▶ **Problem requirements**
Which lines run from the one containing "Context: For $n\ge1$, $\mathcal" to the end of the material below? Retype exactly those, both ends included, and nothing else.

▶ **Exercise data**
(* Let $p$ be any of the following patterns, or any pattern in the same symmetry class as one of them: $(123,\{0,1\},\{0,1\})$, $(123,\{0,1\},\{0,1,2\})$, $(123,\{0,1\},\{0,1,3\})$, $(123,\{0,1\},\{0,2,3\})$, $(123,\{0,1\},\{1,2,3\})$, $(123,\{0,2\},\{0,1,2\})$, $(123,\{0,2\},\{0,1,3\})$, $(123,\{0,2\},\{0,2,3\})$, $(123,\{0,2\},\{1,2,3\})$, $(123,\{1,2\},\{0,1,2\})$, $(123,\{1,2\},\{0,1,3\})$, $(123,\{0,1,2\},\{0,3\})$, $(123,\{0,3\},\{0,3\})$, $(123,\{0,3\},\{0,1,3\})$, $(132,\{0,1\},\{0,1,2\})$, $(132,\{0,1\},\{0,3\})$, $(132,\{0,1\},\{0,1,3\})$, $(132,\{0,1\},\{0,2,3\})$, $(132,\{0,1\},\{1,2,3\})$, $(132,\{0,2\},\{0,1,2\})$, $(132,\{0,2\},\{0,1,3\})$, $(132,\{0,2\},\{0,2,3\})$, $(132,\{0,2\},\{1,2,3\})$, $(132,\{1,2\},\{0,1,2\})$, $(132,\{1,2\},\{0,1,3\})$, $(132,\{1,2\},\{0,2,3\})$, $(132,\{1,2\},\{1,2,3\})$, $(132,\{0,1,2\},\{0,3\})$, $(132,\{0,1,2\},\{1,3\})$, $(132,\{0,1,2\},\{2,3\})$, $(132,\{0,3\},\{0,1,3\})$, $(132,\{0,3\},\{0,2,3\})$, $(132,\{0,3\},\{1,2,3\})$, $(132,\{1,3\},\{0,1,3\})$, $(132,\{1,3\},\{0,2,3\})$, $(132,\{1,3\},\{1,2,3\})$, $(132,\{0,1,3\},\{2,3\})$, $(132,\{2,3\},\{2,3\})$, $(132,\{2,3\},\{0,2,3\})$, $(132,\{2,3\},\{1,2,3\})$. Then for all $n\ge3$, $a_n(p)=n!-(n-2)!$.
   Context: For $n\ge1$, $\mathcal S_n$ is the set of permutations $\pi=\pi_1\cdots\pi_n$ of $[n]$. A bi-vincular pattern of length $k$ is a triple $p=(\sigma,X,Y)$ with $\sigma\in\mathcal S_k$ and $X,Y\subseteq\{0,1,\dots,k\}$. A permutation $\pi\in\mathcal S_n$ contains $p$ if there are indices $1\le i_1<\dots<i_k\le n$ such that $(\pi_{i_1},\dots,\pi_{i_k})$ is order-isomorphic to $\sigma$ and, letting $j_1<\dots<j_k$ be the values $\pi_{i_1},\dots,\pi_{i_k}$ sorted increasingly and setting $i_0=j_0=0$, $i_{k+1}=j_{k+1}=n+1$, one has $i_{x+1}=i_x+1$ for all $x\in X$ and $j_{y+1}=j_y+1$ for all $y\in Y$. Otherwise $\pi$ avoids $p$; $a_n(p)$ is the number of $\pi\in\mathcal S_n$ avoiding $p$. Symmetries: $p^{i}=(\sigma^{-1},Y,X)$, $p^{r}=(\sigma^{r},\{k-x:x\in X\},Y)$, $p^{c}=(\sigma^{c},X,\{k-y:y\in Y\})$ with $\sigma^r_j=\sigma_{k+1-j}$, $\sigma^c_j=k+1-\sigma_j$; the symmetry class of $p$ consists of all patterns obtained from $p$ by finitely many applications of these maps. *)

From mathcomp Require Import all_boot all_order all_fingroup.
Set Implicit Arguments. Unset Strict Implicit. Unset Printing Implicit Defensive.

▶ **Answer to this task**
   Context: For $n\ge1$, $\mathcal S_n$ is the set of permutations $\pi=\pi_1\cdots\pi_n$ of $[n]$. A bi-vincular pattern of length $k$ is a triple $p=(\sigma,X,Y)$ with $\sigma\in\mathcal S_k$ and $X,Y\subseteq\{0,1,\dots,k\}$. A permutation $\pi\in\mathcal S_n$ contains $p$ if there are indices $1\le i_1<\dots<i_k\le n$ such that $(\pi_{i_1},\dots,\pi_{i_k})$ is order-isomorphic to $\sigma$ and, letting $j_1<\dots<j_k$ be the values $\pi_{i_1},\dots,\pi_{i_k}$ sorted increasingly and setting $i_0=j_0=0$, $i_{k+1}=j_{k+1}=n+1$, one has $i_{x+1}=i_x+1$ for all $x\in X$ and $j_{y+1}=j_y+1$ for all $y\in Y$. Otherwise $\pi$ avoids $p$; $a_n(p)$ is the number of $\pi\in\mathcal S_n$ avoiding $p$. Symmetries: $p^{i}=(\sigma^{-1},Y,X)$, $p^{r}=(\sigma^{r},\{k-x:x\in X\},Y)$, $p^{c}=(\sigma^{c},X,\{k-y:y\in Y\})$ with $\sigma^r_j=\sigma_{k+1-j}$, $\sigma^c_j=k+1-\sigma_j$; the symmetry class of $p$ consists of all patterns obtained from $p$ by finitely many applications of these maps. *)

From mathcomp Require Import all_boot all_order all_fingroup.
Set Implicit Arguments. Unset Strict Implicit. Unset Printing Implicit Defensive.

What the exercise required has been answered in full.